Computer and Modernization ›› 2021, Vol. 0 ›› Issue (09): 68-74.

Previous Articles     Next Articles

Speech Recognition in Complex Noise Environment

  

  1. (1. School of Computer Science, Qinghai Normal University, Xining 810008, China;
    2. Key Laboratory of Tibetan Information Processing, Ministry of Education, Xining 810008, China)
  • Online:2021-09-14 Published:2021-09-14

Abstract: Speech recognition is an important way of human-computer interaction. Aiming at the poor performance of traditional speech recognition systems for noisy speech recognition and inappropriate feature selection, a deep autoencoder recurrent neural network model based on transfer learning is proposed. The model consists of encoder, decoder and acoustic model.
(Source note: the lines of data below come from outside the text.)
(* Let $T$ be a string of length $n$ over an alphabet $\Sigma$, and let $1\le i\le j<n$. Let $d=j-i+1$ and let $\sigma'$ be the number of distinct characters occurring in $T[i..j]$. Then $|\mathsf{MAW}(T[i..j+1])\setminus\mathsf{MAW}(T[i..j])|\le\sigma'+d$.
   Context: For a string $S$ over alphabet $\Sigma$, a string $w\in\Sigma^*$ is a minimal absent word (MAW) of $S$ if $w$ does not occur in $S$ but every proper substring of $w$ (including the empty string) occurs in $S$; $\mathsf{MAW}(S)$ is the set of all MAWs of $S$. $T[a..b]$ denotes the substring of $T$ from position $a$ to $b$. *)

From mathcomp Require Import all_boot.
Set Implicit Arguments. Unset Strict Implicit. Unset Printing Implicit Defensive.

Section MAW.
Variable Sigma : eqType.

(* w occurs in S (as a contiguous substring); the empty string occurs everywhere. *)
Definition occurs (w S : seq Sigma) : bool := infix w S.

Definition is_MAW (S w : seq Sigma) : Prop :=
  ~~ occurs w S /\ (forall u : seq Sigma, infix u w -> u <> w -> occurs u S).

(* T[a..b], 1-indexed, inclusive *)
Definition substr (T : seq Sigma) (a b : nat) : seq Sigma :=
  take (b.+1 - a) (drop a.-1 T).

Definition num_distinct (S : seq Sigma) : nat := size (undup S).
End MAW.

From mathcomp Require Import all_boot zify.
Set Implicit Arguments. Unset Strict Implicit. Unset Printing Implicit Defensive.

(* A word w that is a MAW of S c but not of S has length at least 2, say w = a x b.
   Both a x and x b occur in S c, but not both occur in S (else w would be a MAW
   of S).  If x b occurs in S, then a x is a suffix of S c and we charge w to its
   last letter b, a letter of S.  Otherwise x b is a suffix of S c, so b = c, and
   we charge w to the end e of the first occurrence of a x in S c; here
   1 <= e <= |S| + 1 and e <> |S|, since e = |S| would make w a suffix of S c.
   Both charges are injective: if a1 x1 and a2 x2 are suffixes of a common string,
   then one of a1 x1 b, a2 x2 b is an infix of the other, and a MAW is never a
   proper infix of another MAW. *)

Section Words.
Variable Sigma : eqType.
Implicit Types (S s u x : seq Sigma) (a b : Sigma).

Lemma suffix_cons_inv u a s : suffix u (a :: s) -> u = a :: s \/ suffix u s.
Proof.
case/suffixP=> [[|y t] /= def_s]; first by left.
by case: def_s => _ ->; right; apply: suffix_suffix.
Qed.

Lemma proper_infix_cons_rcons u a x b :
  infix u (a :: rcons x b) -> u <> a :: rcons x b ->
  infix u (a :: x) || infix u (rcons x b).
Proof.
rewrite -rcons_cons infix_rconsl rcons_cons => /orP[/suffix_cons_inv[->//|]|->//].
by move/suffixW ->; rewrite orbT.
Qed.

Lemma prefix_total s u1 u2 :
  prefix u1 s -> prefix u2 s -> prefix u1 u2 || prefix u2 u1.
Proof.
wlog le12 : u1 u2 / size u1 <= size u2.
  move=> W; case: (leqP (size u1) (size u2)) => [|/ltnW] le p1 p2; first exact: W.
  by rewrite orbC; apply: W.
rewrite !prefixE => /eqP def_u1 /eqP def_u2.
by rewrite -{1}def_u2 take_takel // def_u1 eqxx.
Qed.

Lemma suffix_total s u1 u2 :
  suffix u1 s -> suffix u2 s -> suffix u1 u2 || suffix u2 u1.
Proof. by rewrite -!prefix_rev; apply: prefix_total. Qed.

Definition infix_end u s := infix_index u s + size u.

Lemma infix_end_take u s :
  infix u s -> take (infix_end u s) s = take (infix_index u s) s ++ u.
Proof. by rewrite infixE /infix_end takeD => /eqP ->. Qed.

Lemma infix_end_le u s : infix u s -> infix_end u s <= size s.
Proof.
move=> us; have := f_equal size (infix_end_take us).
by rewrite /infix_end size_cat size_take size_takel ?infixTindex //; case: ltnP; lia.
Qed.

Lemma suffix_take_infix_end u s : infix u s -> suffix u (take (infix_end u s) s).
Proof. by move/infix_end_take ->; apply: suffix_suffix. Qed.

Lemma is_MAW_letter S a : is_MAW S [:: a] <-> a \notin S.
Proof.
rewrite /is_MAW /occurs infix1s; split=> [[]//|aS]; split=> // u.
by rewrite infixs1 => /orP[/eqP -> _|/eqP //]; apply: infix0s.
Qed.

Lemma is_MAW_cons_rcons S a x b :
  is_MAW S (a :: rcons x b) <->
  [/\ ~~ occurs (a :: rcons x b) S, occurs (a :: x) S & occurs (rcons x b) S].
Proof.
have size_neq u : size u < size (a :: rcons x b) -> u <> a :: rcons x b.
  by move=> lt_u def_u; rewrite def_u ltnn in lt_u.
split=> [[absent proper]|[absent ax xb]].
  split=> //; apply: proper.
  - by rewrite -rcons_cons infix_rcons.
  - by apply: size_neq; rewrite /= size_rcons.
  - exact: infix_cons.
  - by apply: size_neq; rewrite /= size_rcons.
by split=> // u /proper_infix_cons_rcons u_proper /u_proper /orP[] /infix_trans; apply.
Qed.

Lemma MAW_infix_eq S w1 w2 : is_MAW S w1 -> is_MAW S w2 -> infix w1 w2 -> w1 = w2.
Proof.
move=> [absent1 _] [_ proper2] w12; apply/eqP/negPn/negP => /eqP neq12.
by move: absent1; rewrite (proper2 _ w12 neq12).
Qed.

Lemma MAW_eq_of_suffix S s a1 a2 x1 x2 b :
  is_MAW S (a1 :: rcons x1 b) -> is_MAW S (a2 :: rcons x2 b) ->
  suffix (a1 :: x1) s -> suffix (a2 :: x2) s ->
  a1 :: rcons x1 b = a2 :: rcons x2 b.
Proof.
move=> maw1 maw2 suf1 suf2; have /orP[suf12|suf21] := suffix_total suf1 suf2.
  apply: MAW_infix_eq maw1 maw2 _; apply: suffixW.
  by rewrite -!rcons_cons suffix_rcons eqxx.
symmetry; apply: MAW_infix_eq maw2 maw1 _; apply: suffixW.
by rewrite -!rcons_cons suffix_rcons eqxx.
Qed.

End Words.

Section NewMAW.
Variable Sigma : eqType.
Variables (S : seq Sigma) (c : Sigma).
Implicit Types (w x : seq Sigma) (a b : Sigma).
Local Notation S' := (rcons S c).

Definition new_MAW w := is_MAW S' w /\ ~ is_MAW S w.

Lemma new_MAW_shape w : new_MAW w -> exists a x b, w = a :: rcons x b.
Proof.
case: w => [[[]]|a w]; first by rewrite /occurs infix0s.
case/lastP: w => [[maw' []]|x b _]; last by exists a, x, b.
apply/is_MAW_letter; move/is_MAW_letter: maw'.
by apply: contra => aS; rewrite mem_rcons in_cons aS orbT.
Qed.

Lemma new_MAW_factors a x b : new_MAW (a :: rcons x b) ->
  [/\ occurs (a :: x) S', occurs (rcons x b) S'
    & ~~ (occurs (a :: x) S && occurs (rcons x b) S)].
Proof.
case=> /is_MAW_cons_rcons[absent' ax' xb'] not_maw; split=> //.
apply/negP => /andP[axS xbS]; apply: not_maw; apply/is_MAW_cons_rcons; split=> //.
by apply: contra absent' => /infix_trans; apply; apply: infix_rcons.
Qed.

Lemma new_MAW_right_occurs a x b : new_MAW (a :: rcons x b) -> occurs (rcons x b) S ->
  b \in S /\ suffix (a :: x) S'.
Proof.
move=> new xbS; have [ax' _ not_both] := new_MAW_factors new.
split; first by apply: (mem_infix xbS); rewrite mem_rcons mem_head.
move: not_both ax'; rewrite xbS andbT /occurs infix_rconsl => /negbTE ->.
by rewrite orbF.
Qed.

Lemma new_MAW_right_absent a x b : new_MAW (a :: rcons x b) -> ~~ occurs (rcons x b) S ->
  b = c /\
  [/\ infix_end (a :: x) S' <= (size S).+1, infix_end (a :: x) S' != size S
    & suffix (a :: x) (take (infix_end (a :: x) S') S')].
Proof.
move=> new xbS; have [ax' xb' _] := new_MAW_factors new.
have eq_bc : b = c.
  move: xb' xbS; rewrite /occurs infix_rconsl => /orP[|->//].
  by rewrite suffix_rcons => /andP[/eqP].
subst b; split=> //; split; last exact: suffix_take_infix_end.
  by rewrite -(size_rcons S c); apply: infix_end_le.
apply/eqP => end_S; have [[absent' _] _] := new.
have := suffix_take_infix_end ax'; rewrite end_S -cats1 take_size_cat // => axS.
by move: absent'; rewrite /occurs -rcons_cons infix_rconsl suffix_rcons eqxx axS.
Qed.

Lemma count_new_MAW_right_occurs ws : uniq ws ->
  {in ws, forall w, new_MAW w /\ occurs (behead w) S} -> size ws <= size (undup S).
Proof.
move=> uniq_ws occ.
have inj : {in ws &, injective (last c)}.
  move=> w1 w2 /occ[new1 +] /occ[new2 +].
  have [a1 [x1 [b1 def_w1]]] := new_MAW_shape new1; subst w1.
  have [a2 [x2 [b2 def_w2]]] := new_MAW_shape new2; subst w2.
  rewrite /= !last_rcons => occ1 occ2 eq_b; subst b2.
  have [_ suf1] := new_MAW_right_occurs new1 occ1.
  have [_ suf2] := new_MAW_right_occurs new2 occ2.
  exact: MAW_eq_of_suffix new1.1 new2.1 suf1 suf2.
rewrite -(size_map (last c)); apply: uniq_leq_size; first by rewrite map_inj_in_uniq.
move=> _ /mapP[w /occ[new +] ->]; have [a [x [b def_w]]] := new_MAW_shape new; subst w.
by rewrite /= last_rcons mem_undup => /(new_MAW_right_occurs new) [].
Qed.

Lemma count_new_MAW_right_absent ws : 0 < size S -> uniq ws ->
  {in ws, forall w, new_MAW w /\ ~~ occurs (behead w) S} -> size ws <= size S.
Proof.
move=> S_gt0 uniq_ws absent.
pose init_end w := infix_end (belast (head c w) (behead w)) S'.
have inj : {in ws &, injective init_end}.
  move=> w1 w2 /absent[new1 +] /absent[new2 +].
  have [a1 [x1 [b1 def_w1]]] := new_MAW_shape new1; subst w1.
  have [a2 [x2 [b2 def_w2]]] := new_MAW_shape new2; subst w2.
  rewrite /init_end /= !belast_rcons => absent1 absent2 eq_end.
  have [eq_b1 [_ _ suf1]] := new_MAW_right_absent new1 absent1.
  have [eq_b2 [_ _ suf2]] := new_MAW_right_absent new2 absent2.
  subst b1 b2; rewrite eq_end in suf1.
  exact: MAW_eq_of_suffix new1.1 new2.1 suf1 suf2.
pose ends := rem (size S) (iota 1 (size S).+1).
have size_ends : size ends = size S.
  by rewrite size_rem ?size_iota // mem_iota; lia.
rewrite -size_ends -(size_map init_end); apply: uniq_leq_size.
  by rewrite map_inj_in_uniq.
move=> _ /mapP[w /absent[new +] ->]; have [a [x [b def_w]]] := new_MAW_shape new; subst w.
rewrite /init_end /= belast_rcons => /(new_MAW_right_absent new) [_ [le_end ne_end _]].
rewrite mem_rem_uniq ?iota_uniq // inE ne_end mem_iota.
by move: le_end; rewrite /infix_end /=; lia.
Qed.

Lemma count_new_MAW ws : 0 < size S -> uniq ws -> {in ws, forall w, new_MAW w} ->
  size ws <= size (undup S) + size S.
Proof.
move=> S_gt0 uniq_ws new; pose right_occurs w := occurs (behead w) S.
rewrite -(count_predC right_occurs) -!size_filter leq_add //.
  apply: count_new_MAW_right_occurs; first exact: filter_uniq.
  by move=> w; rewrite mem_filter => /andP[? /new].
apply: count_new_MAW_right_absent => //; first exact: filter_uniq.
by move=> w; rewrite mem_filter => /andP[? /new].
Qed.

End NewMAW.

Section Substrings.
Variable Sigma : eqType.
Implicit Type T : seq Sigma.

Lemma size_substr T i j : 0 < i <= j -> j <= size T -> size (substr T i j) = j - i + 1.
Proof.
by move=> /andP[i_gt0 le_ij] le_jT; rewrite size_take size_drop; case: ltnP; lia.
Qed.

Lemma substrS T i j x0 : 0 < i <= j.+1 -> j < size T ->
  substr T i j.+1 = rcons (substr T i j) (nth x0 T j).
Proof.
move=> /andP[i_gt0 le_ij] lt_jT.
rewrite /substr (_ : j.+2 - i = (j.+1 - i).+1); last by lia.
rewrite (take_nth x0) ?size_drop ?nth_drop; last by lia.
by congr (rcons _ (nth _ _ _)); lia.
Qed.

End Substrings.

Theorem lemma11 (Sigma : eqType) (T : seq Sigma) (i j : nat) :
  1 <= i -> i <= j -> j < size T ->
  forall ws : seq (seq Sigma), uniq ws ->
  (forall w, w \in ws ->
     is_MAW (substr T i j.+1) w /\ ~ is_MAW (substr T i j) w) ->
  size ws <= num_distinct (substr T i j) + (j - i + 1).
Proof.
move=> i_gt0 le_ij lt_jT ws uniq_ws new.
have x0 : Sigma by case: (T) lt_jT => [|t].
have size_S : size (substr T i j) = j - i + 1.
  by apply: size_substr; [rewrite i_gt0 | apply: ltnW].
rewrite /num_distinct -size_S; apply: (count_new_MAW (c := nth x0 T j)) => //.
  by rewrite size_S addn1.
by move=> w /new; rewrite (substrS x0) ?i_gt0 ?(leqW le_ij).
Qed.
Among them, the acoustic model is composed of stack bidirectional recurrent neural network, which is used to improve the recognition performance. The encoder and decoder are composed of full connected layers for feature extraction. The structure and parameters of the encoder are transferred to the acoustic model for joint training, the experimental results on noisy Google commands dataset show that the proposed model can effectively enhance the recognition performance of noisy speech and has good robustness and generalization.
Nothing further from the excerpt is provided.